I will have to keep an eye on this one. In my younger days I thought about starting a consolidation business for the dental industry. What I noticed is that many dentists build up a very profitable business and would love to sell it to a new younger dentist, at retirement, but find it hard to get the pricing they think the business is worth from a younger newer dentist. A company with big pockets (access to the public stock market) could come along and buy them up and bring the two entities together for a very profitable relationship. They would need some strong non-compete contracts with their dental and hygienist professionals, of course.

Also, from what I see there is little price competition in the dental market. This is due the the very large group of people who have access to group insurance and really only look at their co-pay costs when determining if a procedure should be completed or not. That said, there is a huge market of people who have really no dental services at all. That is the uninsured market. It is very huge. I think a large company could take new dentists, just coming out of school, give them access to this very large market and of course undercut all the other dentists who are attached to the more lucrative insured market. It is a market just sitting there for the taking.

Too bad I was too lazy to put it all together.
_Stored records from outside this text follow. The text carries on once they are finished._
Lemma step_edge e y : lab e = y.1 -> step (estart e y.2) y = Some (eend e y.2).
Proof.
move=> hl; rewrite /step; case: pickP => [e' /andP[/eqP h1 /eqP h2]|] /=.
  by rewrite (estart_inj (etrans h2 (esym hl)) h1).
by move/(_ e); rewrite eqxx hl eqxx.
Qed.

Lemma step_linv u y z : step u y = Some z -> step z (linv y) = Some u.
Proof.
case/step_Some => e [h1 h2 h3]; have := @step_edge e (linv y) h2.
by rewrite /linv /=; case: (y.2) h1 h3 => /= -> ->.
Qed.

Lemma read_rcons_linv u w y c :
  read u (rcons w y) = Some c -> read u w = step c (linv y).
Proof. by rewrite read_rcons; case: (read u w) => //= z /step_linv ->. Qed.

Lemma read_winv u w c : read u w = Some c -> read c (winv w) = Some u.
Proof.
elim/last_ind: w c => [|w y IH] c; first by case=> ->.
move=> h; rewrite winv_rcons read_cons -(read_rcons_linv h).
by move: h; rewrite read_rcons; case e: (read u w) => [z|] //= _; rewrite (IH z e).
Qed.

Lemma read_start_inj u u' w c : read u w = Some c -> read u' w = Some c -> u = u'.
Proof. by move=> /read_winv h /read_winv; rewrite h => -[]. Qed.

Lemma read_wmul u w y c : reduced w -> read u w = Some c ->
  read u (wmul w y) = step c y.
Proof.
move=> rw h; case: (boolP (last y w == linv y)) => [/eqP hl|hl].
  by move: h; rewrite {1}(wmul_cancel hl) => /read_rcons_linv ->; rewrite linvK.
by rewrite /wmul (negbTE hl) read_rcons h.
Qed.

Lemma in_letters u y : (y \in letters u) = (step u y != None).
Proof. by rewrite inE. Qed.

Lemma lettersP u y : reflect (exists e, estart e y.2 = u /\ lab e = y.1) (y \in letters u).
Proof.
rewrite in_letters; apply: (iffP idP).
  by case h: step => [z|] // _; case/step_Some: h => e [? ? _]; exists e.
by case=> e [<- h]; rewrite (step_edge h).
Qed.

Lemma deg_letters u : deg u = #|letters u|.
Proof.
pose at_u b := [pred e : edge G | estart e b == u].
have card_at b : #|at_u b| = #|letters u :&: [set y | y.2 == b]|.
  rewrite -(card_in_imset (f := fun e => (lab e, b))); last first.
    by move=> e e' /eqP h1 /eqP h2 [h3]; apply: (estart_inj (b := b) h3); rewrite h1 h2.
  congr #|pred_of_set _|; apply/setP => -[i b']; rewrite in_setI [_ \in [set _ | _]]inE /=.
  apply/imsetP/andP => [[e /eqP he [-> ->]]|[/lettersP [e [h1 h2]] /eqP hb]].
    by split => //; apply/lettersP; exists e.
  by exists e; rewrite ?inE -?hb ?h1 ?h2.
rewrite -(cardsID [set y : letter N | y.2] (letters u)) /deg.
rewrite -[#|[pred e | src e == u]|]/#|at_u true| -[#|[pred e | tgt e == u]|]/#|at_u false|.
rewrite !card_at setDE; congr (_ + _); apply: eq_card => y; rewrite !inE.
  by rewrite eqb_id.
by rewrite eqbF_neg.
Qed.
Lemma nth_mask_set_mask I (s : seq nat) (i : 'I_#|I|) : size s = n ->
  nth 0%N (mask (set_mask I) s) i = nth 0%N s (enum_val i).
Proof.
move=> size_s; have -> : mask (set_mask I) s = map (nth 0%N s) (map val (enum I)).
  have mkseq_s : mkseq (nth 0%N s) n = s by rewrite -size_s mkseq_nth.
  by rewrite enum_set_mask map_mask -/(mkseq _ _) mkseq_s.
rewrite (nth_map 0%N) ?size_map -?cardE //.
by rewrite (nth_map (enum_val i)) -?cardE // -enum_val_nth.
Qed.

End SetMasks.

Lemma mem_bitseqs n m : (m \in bitseqs n) = (size m == n).
Proof.
elim: n m => [|n IH] [|b m] //=; rewrite mem_cat.
  by apply/norP; split; apply/mapP => -[].
have cons_inj (c : bool) : injective (cons c) by move=> ? ? [].
by case: b; rewrite (mem_map (cons_inj _)) IH;
  [apply/orb_idr | apply/orb_idl] => /mapP [].
Qed.

Lemma uniq_bitseqs n : uniq (bitseqs n).
Proof.
elim: n => //= n IH; have cons_inj (c : bool) : injective (cons c) by move=> ? ? [].
rewrite cat_uniq !(map_inj_uniq (cons_inj _)) IH /= andbT.
by apply/hasPn => _ /mapP [m _ ->]; apply/mapP => -[].
Qed.

Lemma big_set_mask (M : nmodType) n (F : bitseq -> M) :
  \sum_(I : {set 'I_n}) F (set_mask I) = \sum_(m <- bitseqs n) F m.
Proof.
rewrite -big_enum -(big_map (@set_mask n) xpredT F) /=.
apply/perm_big/uniq_perm.
- by rewrite (map_inj_uniq (@set_mask_inj n)) enum_uniq.
- exact: uniq_bitseqs.
- move=> m; rewrite mem_bitseqs; apply/mapP/eqP => [[I _ ->]|/set_maskP [I <-]].
    exact: size_set_mask.
  by exists I; rewrite ?mem_enum.
Qed.

Section PrincipalMinors.
Variables (R : comNzRingType) (n : nat) (A : 'M[R]_n) (f : nat -> nat -> R).
Variables (rows cols : seq nat).
Hypotheses (size_rows : size rows = n) (size_cols : size cols = n).
Hypothesis AE : forall i j : 'I_n, A i j = f (nth 0%N rows i) (nth 0%N cols j).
I knew someone would some day and I don't have any dental experience. I figured that was the least of the skills required to make this idea work.


----------



## one day at a time (Aug 4, 2019)

Tostig said:


> I would be concerned that my dentist would now have to report to a board of directors how to cut cost, maximize profits and improve shareholder equity at the expense of patient care.
> 
> Does DNTL provide a complete list of dentists to ensure mine is NOT under its control?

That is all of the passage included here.